Natural Killer (NK) Alloreactivity Seems Not to Play a Role in Preventing Leukemia Relapse in Unmanipulated Haploidentical Bone Marrow Transplantation with Post-Transplant Cyclophosphamide

Background

Natural Killer (NK) cells have been widely studied due to their non-major histocompatibility complex (MHC)-restricted cytotoxicity towards transformed or virally infected target cells. In the setting of hematopoietic stem cell transplantation (HSCT), donor NK cells may be “alloreactive” as their killer immunoglobuline-like receptors (KIRs) do not recognize their ligands on recipient human leukocyte antigen (HLA) class I molecules (i.e.
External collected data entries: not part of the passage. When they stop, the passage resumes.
Lemma card_tree H : is_tree H -> #|H| <= n - 1 ?= iff binary H.
Proof.
move=> tH; have ch2 C : C \in H -> 2 <= #|children H C| ?= iff (2 == #|children H C|).
  by move=> CH; apply/leqif_eq/card_children_ge2/(tree_card tH).
have [le eq] := @leqif_sum _ (mem H) _ (fun=> 2) _ ch2.
rewrite sum_nat_const sum_card_children // in le eq.
have -> : binary H = [forall (C | C \in H), 2 == #|children H C|].
  by apply: eq_forallb => C; rewrite eq_sym.
rewrite -eq; split; first lia.
by apply/eqP/eqP; lia.
Qed.

Lemma card_setU_trees (S1 S2 : {set {set 'I_n}}) : is_tree S1 -> is_tree S2 ->
  #|S1 :|: S2| <= 2 * (n - 1) - 1
    ?= iff [&& binary S1, binary S2 & S1 :&: S2 == [set setT]].
Proof.
move=> t1 t2; have [le1 <-] := card_tree t1; have [le2 <-] := card_tree t2.
have root : [set setT] \subset S1 :&: S2 by rewrite sub1set inE !tree_setT.
have I0 : 0 < #|S1 :&: S2| by apply/card_gt0P; exists setT; rewrite inE !tree_setT.
have eqI : (S1 :&: S2 == [set setT]) = (#|S1 :&: S2| == 1).
  by rewrite eq_sym eqEcard root cards1 eqn_leq I0 andbT.
have IS1 : #|S1 :&: S2| <= #|S1| := subset_leq_card (subsetIl S1 S2).
have cardU : #|S1 :|: S2| = #|S1| + #|S2| - #|S1 :&: S2| := cardsU S1 S2.
rewrite eqI cardU; split; first lia.
by apply/eqP/and3P => [eqU|[/eqP eq1 /eqP eq2 /eqP eqI']]; first split; apply/eqP; lia.
Qed.

End Counting.

Section Caterpillar.
Variables (n : nat) (tau : 'I_n -> 'I_n).
Hypothesis tau_inj : injective tau.

Definition prefix_clade k : {set 'I_n} := tau @: [set i : 'I_n | i < k].

Definition caterpillar : {set {set 'I_n}} := [set prefix_clade k.+2 | k : 'I_n.-1].

Lemma card_prefix_clade k : k <= n -> #|prefix_clade k| = k.
Proof.
move=> le_kn; rewrite card_imset //.
have -> : [set i : 'I_n | i < k] = [set widen_ord le_kn i | i : 'I_k].
  apply/setP => i; rewrite inE; apply/idP/imsetP => [lt_ik|[j _ ->]]; last exact: (ltn_ord j).
  by exists (Ordinal lt_ik); last apply: val_inj.
by rewrite card_imset ?card_ord // => i j /(congr1 val) /= /val_inj.
Qed.

Lemma mem_prefix_clade x k : (tau x \in prefix_clade k) = (x < k).
Proof. by rewrite mem_imset // inE. Qed.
KIR-ligands), leading to NK activation. NK alloreactivity can often occur in haploidentical HSCT (Haplo-HSCT), by means of KIR/KIR-L mismatch in graft versus host (GvH) direction, contributing to graft-versus leukemia (GvL) effect, clearing residual leukemic blasts. In the last decade, several studies have shown that NK cells alloreactivity plays a role in T-depleted Haplo-HSCT leading to higher disease free survival rates for patients transplanted from NK-alloreactive donors; recent studies have also shown that donors having KIR B haplotypes (characterized by the presence of more activating KIR) or expressing KIR2DS1 correlated with a better clinical outcome of transplantation. Thus, these NK cell features might be positively considered in the donor selection strategy.

Materials and Methods:

We analyzed NK-alloreactivity in the setting of unmanipulated Haplo-HSCT with post-transplant cyclophosphamide for patients affected by acute myeloid leukemia or myelodisplastic syndromes. 101 consecutive patients transplanted from September, 2010 to October, 2014 were enrolled, with the big majority of donors and patients studied for HLA-genotype and KIR.

Results:

Disease status at HSCT was the most relevant factor affecting  outcome (p <0.0001), with 3 y 78% overall survival (OS) and 76% disease free survival (DFS) rates for “early” patients (CR1+CR2, n=61) versus 33% OS and 28% DFS rates for “advanced” patients (CR3 or active disease, n=40). Nor NK-alloreactivity nor the presence of donor KIR-B haplotype nor the presence of donor KIR2DS1 seemed to play a role in preventing leukemia relapse. NK alloreactive patients had DFS rate similar to non-NK alloreactive group (62% vs 59%, p 0.47) with a better, still non-significant trend in OS (72% vs 60%, p 0.14) for NK-alloreactive patients. Similarly, Haplo-HSCT from donors with KIR-B haplotype (with B-content score>=2) or who had KIR2DS1 was not associated with better outcome (p 0.67 and p 0.89, respectively). We observed an high expression of CD56 and inhibitory receptors such as NKG2A on surface of NK cells in post-HSCT samples, suggesting that  NK-cell function could be inhibited in unmanipulated haploidentical setting. 

Conclusions

NK alloreactivity seems not to play a role in preventing leukemia relapse in unmanipulated haploidentical transplantation with post-transplantation. The different immunosuppressive approach of this Haplo-HSCT setting compared to T-depleted Haplo-HSCT, with concomitant use of cyclosporine from early transplant days, which has been shown to interact and possibly inhibit NK cells in vivo, and post transplant cyclophosphamide effects, selectively killing activated T-cell and inducing long-term tolerance, could affect NK efficacy. Further studies are needed to better understand the complexity of this intriguing issue, leading to a more complete definition of NK cell functions in this Haplo-HSCT setting.